Disruption
Post-Mortem
Our report from the incident is as follows.
Issue
Loss of connectivity, high load and periods of unavailability for a single rack of equipment.
Outage Length
The duration was up to 18 minutes.
Underlying cause
A Power Supply Unit (PSU) in another server, within the same rack connected to the B power feed catastrophically failed. The catastrophic failure, unlike that of a typical PSU failure, caused a spike/surge in electrical activity, which triggered the Moulded Case Circuit Breaker (MCCB) for the B power feed to trip and cut off power.

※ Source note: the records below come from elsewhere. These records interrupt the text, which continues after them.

(* One iteration of the saturation algorithm (counter c omitted, it does not
   influence the returned set). *)
Definition sat_step (Q M : finType) (Delta : Q -> act M -> Q -> bool)
    (S : {set Q}) : {set Q} :=
  match [pick q2 | (q2 \notin S) &&
           [exists q1, exists m, (q1 \in S) && Delta q1 (Bcast m) q2]] with
  | Some q2 => q2 |: S
  | None =>
    match [pick q2' | (q2' \notin S) &&
             [exists q1, exists q2, exists q1', exists m,
                [&& q1 \in S, q2 \in S, q1' \in S,
                    Delta q1 (Bcast m) q2 & Delta q1' (Recv m) q2']]] with
    | Some q2' => q2' |: S
    | None => S
    end
  end.

(* Each non-final iteration adds a new state, so the algorithm stops after at
   most #|Q| iterations; iterating further leaves S unchanged. *)
Definition saturation (Q M : finType) (I : {set Q})
    (Delta : Q -> act M -> Q -> bool) : {set Q} :=
  iter #|Q| (sat_step Delta) I.

From mathcomp Require Import all_boot.
Set Implicit Arguments. Unset Strict Implicit. Unset Printing Implicit Defensive.

(* The saturation algorithm adds the states of S one at a time, so every added state s has
   a level (the iteration adding it) and a parent of smaller level, from which s is
   obtained either by a broadcast !!m, or by a reception ??m of a message m that some
   earlier state, the sender of s, can broadcast. Following parents leads from every state
   of S down to an initial state. The graph has one node per state q, which climbs the
   parent chain of q, and one helper per state s added by a reception, which climbs the
   chain of the sender of s; the helper of s is adjacent exactly to the nodes whose chain
   passes through s. Phase j moves every node from its ancestor of level j to its ancestor
   of level j+1: if the state s of level j+1 was added by a broadcast, the nodes concerned
   broadcast one after the other while the messages are lost; otherwise the helper of s
   broadcasts once and they all receive. This gives |Q| phases of at most 2|Q| steps on
   2|Q| nodes. *)

Section LossyReach.
Variables (Q M : Type) (Delta : Q -> act M -> Q -> bool) (V : finType) (E : rel V).

Definition lossy_move (L L' : V -> Q) := exists (v : V) (m : M),
  Delta (L v) (Bcast m) (L' v) /\
  ((forall v', v' != v -> L' v' = L v') \/
   (forall v', v' != v ->
      (E v v' -> Delta (L v') (Recv m) (L' v')) /\ (~~ E v v' -> L' v' = L v'))).

Inductive lossy_reach (L : V -> Q) : (V -> Q) -> nat -> Prop :=
| lossy_reach0 : lossy_reach L L 0
| lossy_reachS L1 L2 k : lossy_reach L L1 k -> lossy_move L1 L2 -> lossy_reach L L2 k.+1.

Lemma lossy_reach_trans L L1 L2 k1 k2 :
  lossy_reach L L1 k1 -> lossy_reach L1 L2 k2 -> lossy_reach L L2 (k1 + k2).
Proof.
move=> r1; elim=> [|L3 L4 k _ r3 step]; first by rewrite addn0.
by rewrite addnS; apply: lossy_reachS r3 step.
Qed.

Lemma lossy_reach_path L L' k : lossy_reach L L' k ->
  exists rho : nat -> V -> Q,
    [/\ rho 0 = L, rho k = L' & forall i, i < k -> lossy_move (rho i) (rho i.+1)].
Proof.
elim=> [|L1 L2 k' _ [rho [rho0 rhok steps]] step]; first by exists (fun=> L).
exists (fun i => if i <= k' then rho i else L2); split; rewrite ?ltnn //.
move=> i; rewrite ltnS; case: ltngtP => // [ik|->] _; [exact: steps | by rewrite rhok].
Qed.

Lemma lossy_reach_broadcasts (zs : seq V) s m L : uniq zs ->
  {in zs, forall z, Delta (L z) (Bcast m) s} ->
  lossy_reach L (fun z => if z \in zs then s else L z) (size zs).
Proof.
elim: zs => [|z zs IH] /=; first by move=> _ _; apply: lossy_reach0.
case/andP=> zNzs uzs Bzs; apply: lossy_reachS (IH uzs _) _.
  by move=> z' z'zs; apply: Bzs; rewrite inE z'zs orbT.
exists z, m; rewrite inE eqxx (negbTE zNzs); split; first by apply: Bzs; rewrite inE eqxx.
by left=> v' /negbTE; rewrite inE => ->.
Qed.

On restoration of power of the B feed, the access switch booted into a “fail-safe” environment, in which the configuration was not fully restored. This led to the stack detecting the physical link was back up and began routing traffic over the B network; however the traffic was not being routed correctly.
Symptoms
Our facilities monitoring, and service monitoring probes immediately reported the incident. Customers would have experienced slow page load times through to a completely inaccessible site.
Resolution
Network engineers immediately restored the running configuration of the affected access switches, and gradually services restored normality. The disruption in network flow and packet loss caused delays in service restoration in the mutli-server stack, as each stack member was unable to cleanly communicate with its peers. This in turn caused load averages to increase, resulting in delayed service restoration even after the network connectivity was fully operational.
Prevention
Monitoring, disaster recovery procedures and staff action were followed exactly as anticipated, rapidly identifying the issue, resolving the issue and keeping downtime to a minimum.
This was an exceptional situation and there is nothing we believe could be performed differently to reduce or avoid downtime.